Today is colder and wetter. Many New Yorkers undoubtedly experienced the weather on their way to religious services today. Others might have debated participating in the Easter parade.

Offhand, I can think of only one popular song about Easter, Irving Berlin’s “Easter Parade.” He also wrote America’s most popular Christmas song, “White Christmas.” He was Jewish, born Israel Baline.

He was also an immigrant from Russia and was responsible for the patriotic “God Bless America.” That’s not the only part of American culture created by a Jew. There was, for example, Max Meyers.

We were in Washington, last weekend, where some cherry trees had blossomed before the freeze and were looking bedraggled as a result.

There have been many stories about how much tourism in Washington has suffered since September 11. They are probably true. But, when we got off the Metro train at the Smithsonian stop, it was impossible to advance to the escalators. The station was packed, and a transit worker with a bullhorn was doing his best to keep the crowd from pushing people onto the tracks.

In 1995, on a much less crowded day, I went to a strange little exhibition at the Smithsonian’s Museum of American History. It was called “The Jews of Wyoming.” One of them was the aforementioned Meyers, a Cheyenne haberdasher credited with getting Stetson to make the first “10-gallon hat.” If I recall correctly, the exhibit also suggested that a Jewish footwear merchant got cowboys started on wearing boots when he ran out of other shoes.

Earlier this week, National Public Radio’s “Morning Edition” had a piece on South Carolina’s Jews. One of them, Judah P. Benjamin, served as Attorney General, Secretary of War, and Secretary of State in the cabinet of President Jefferson Davis and was considered “The Brains of the Confederacy.” Another, Franklin Moses, became South Carolina’s governor (or gubernator). On his page on the state web site, under “Other Accomplishments, Honors, Distinctions, etc.,” two items are listed: “Moses was convicted of fraud and theft on numerous occasions after leaving office,” and “Moses was disowned by his family as a result of his infamy.” He apparently would have been convicted earlier, but the court ruled that he couldn’t be prosecuted while in office.

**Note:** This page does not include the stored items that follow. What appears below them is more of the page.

(* Let $\mathcal{H}$ be a collection of nonempty loopless graphs, each with an even number of edges. Let $n,m\geq 2$ be integers with $n\geq 4^m$, and let $\mathcal{G}\subseteq\mathbb{F}_2^{\binom{[n]}{2}}$ be an $\mathcal{H}$-code with $\mathbb{P}[\mathcal{G}]=\delta_n(\mathcal{H})$. Then $$\big\|\widehat{\big(\mathbb{1}_{\mathcal{G}}-\mathbb{P}[\mathcal{G}]\big)}\big\|_{\ell_\infty}\leq\delta_m(\mathcal{H})-\delta_n(\mathcal{H}).$$
   Context: Graphs: for a nonempty finite set $V$, $\binom{V}{\leq 2}$ denotes the nonempty subsets of $V$ of size at most 2 and $\binom{V}{2}$ those of size 2. A graph on $V$ is a subset of $\binom{V}{\leq 2}$ (size-2 elements are edges, size-1 elements self-loops); loopless means no self-loops. $V(G)$ is the union of members of $G$. Graphs $G,H$ are isomorphic if there is a bijection $\phi\colon V(G)\to V(H)$ with $\{x,y\}\in G\iff\{\phi(x),\phi(y)\}\in H$ for all $x,y\in V(G)$. $G_1+G_2$ is symmetric difference. Loopless graphs on $[n]$ are identified with $\mathbb{F}_2^{\binom{[n]}{2}}$; $\mathbb{P}$ is the uniform probability measure there. An $\mathcal{H}$-code is a family $\mathcal{G}$ of graphs on a common vertex set such that $G_1+G_2$ is not isomorphic to any graph of $\mathcal{H}$ for all $G_1,G_2\in\mathcal{G}$; $\delta_n(\mathcal{H})$ is the maximum density $\mathbb{P}[\mathcal{G}]$ of an $\mathcal{H}$-code $\mathcal{G}\subseteq\mathbb{F}_2^{\binom{[n]}{2}}$. Fourier transform on $\mathbb{F}_2^{\mathcal{I}}$: $\widehat f(\xi)=\mathbb{E}_x[f(x)(-1)^{|x\cap\xi|}]$ (expectation w.r.t. uniform measure), and $\|\widehat f\|_{\ell_\infty}=\max_\xi|\widehat f(\xi)|$. *)

From HB Require Import structures.
From mathcomp Require Import all_boot all_order all_algebra.
From mathcomp Require Import boolp.
Set Implicit Arguments. Unset Strict Implicit. Unset Printing Implicit Defensive.
Import Order.TTheory GRing.Theory Num.Theory.
Local Open Scope ring_scope.

Definition edge (n : nat) := {e : {set 'I_n} | #|e| == 2%N}.

(* Loopless graphs on [n] = elements of F_2^{binom([n],2)} = sets of edges. *)
Definition graph (n : nat) := {set edge n}.

Definition vtx (n : nat) (G : graph n) : {set 'I_n} :=
  \bigcup_(e in G) val e.

(* {x,y} in G  (false when x = y, since edges have size 2). *)
Definition adj (n : nat) (G : graph n) (x y : 'I_n) : bool :=
  [exists e in G, val e == [set x; y]].

Definition gsum (n : nat) (G1 G2 : graph n) : graph n :=
  (G1 :\: G2) :|: (G2 :\: G1).

Definition giso (n k : nat) (G : graph n) (H : graph k) : Prop :=
  exists f : 'I_n -> 'I_k,
    {in vtx G &, injective f} /\ f @: vtx G = vtx H /\
    (forall x y, x \in vtx G -> y \in vtx G -> adj G x y = adj H (f x) (f y)).

Definition gcoll := forall k : nat, graph k -> Prop.

Definition is_code (Hc : gcoll) (n : nat) (Gs : {set graph n}) : Prop :=
  forall G1 G2, G1 \in Gs -> G2 \in Gs ->
    forall k (H : graph k), Hc k H -> ~ giso (gsum G1 G2) H.

Definition density (n : nat) (Gs : {set graph n}) : rat :=
  #|Gs|%:R / #|{: graph n}|%:R.

(* delta_n(H): maximum density of an H-code (the empty family is a code). *)
Definition delta (Hc : gcoll) (n : nat) : rat :=
  (\max_(Gs : {set graph n} | `[< is_code Hc Gs >]) #|Gs|)%:R
    / #|{: graph n}|%:R.

Definition fourier (n : nat) (f : graph n -> rat) (xi : graph n) : rat :=
  (\sum_(x : graph n) f x * (-1) ^+ #|x :&: xi|) / #|{: graph n}|%:R.

Definition linf (n : nat) (F : graph n -> rat) : rat :=
  \big[Num.max/0]_(xi : graph n) `|F xi|.

(* Fix a nonzero frequency xi.  Since n >= 4^m, Ramsey's theorem gives m vertices forming
   a clique or an independent set of xi; relabelling graphs on [m] onto them yields a
   subgroup U (the even graphs, resp. all graphs) on which the character
   chi_xi(x) = (-1)^|x cap xi| is 1.  For every x, the graphs u in U with x + u in G pull
   back to an H-code on [m]: in the clique case, adding a fixed edge to half of it doubles
   it into a code on all graphs, because an odd graph is never isomorphic to a member of
   H.  Hence each translate x + U meets G in at most delta_m |U| points, and averaging
   chi_xi over these translates bounds |sum_{x in G} chi_xi(x)| by delta_m 2^N - |G|.
   The coefficient at xi = 0 vanishes because the indicator is centred. *)

From HB Require Import structures.
From mathcomp Require Import all_boot all_order all_algebra.
From mathcomp Require Import boolp.
From mathcomp Require Import zify lra.
Import Order.TTheory GRing.Theory Num.Theory.
Set Implicit Arguments. Unset Strict Implicit. Unset Printing Implicit Defensive.

Section Ramsey.
Variable T : finType.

South Carolina’s tolerant 1669 constitution specifically invited Jews, so they came. In 1800, there were more Jews there than in any other state. That later changed.

One politician’s alleged characterization of our city as Jew York caused a scandal recently, but there was a time when it had a strong basis in fact. When I was growing up, there were more Jews in New York City than in all of Israel. Most were fine, upstanding citizens who contributed to their city and their country. A few were not.

Buggsy Goldstein, Abe Reles, Jacob Shapiro, Harry Strauss, Allie Tannenbaum, Charlie Workman, and Mendy Weiss were said to be hit men working for the notorious mob organization, Murder, Inc. They didn’t consider themselves dangerous to the general public. Their motto was, “We only hit our own.”

Some Jews lost their lives trying to bring civil rights to all Americans; some Jews were slave owners. I imagine a similar proportion is true of most religious groups. Most of their members are good; a few are not.

Zacarias Moussaoui is accused of being involved in the September 11 attacks. It is said that he would have been the 20th hijacker. This week, the government announced that it would seek the death penalty; in response, France (of which Moussaoui is a citizen) said it would not cooperate with the United States in providing evidence.

Those opposed to the death penalty sometimes argue that it is cruel and unusual punishment. In this case, it seems a very different argument might be made.

If Moussaoui turns out not to be guilty after he is executed, there is no way to cancel the sentence. But, if he IS guilty of being willing to go to his death as a suicidal (and murderous) hijacker, someone intending to be a martyr to his cause, then is the death “penalty” really punishment?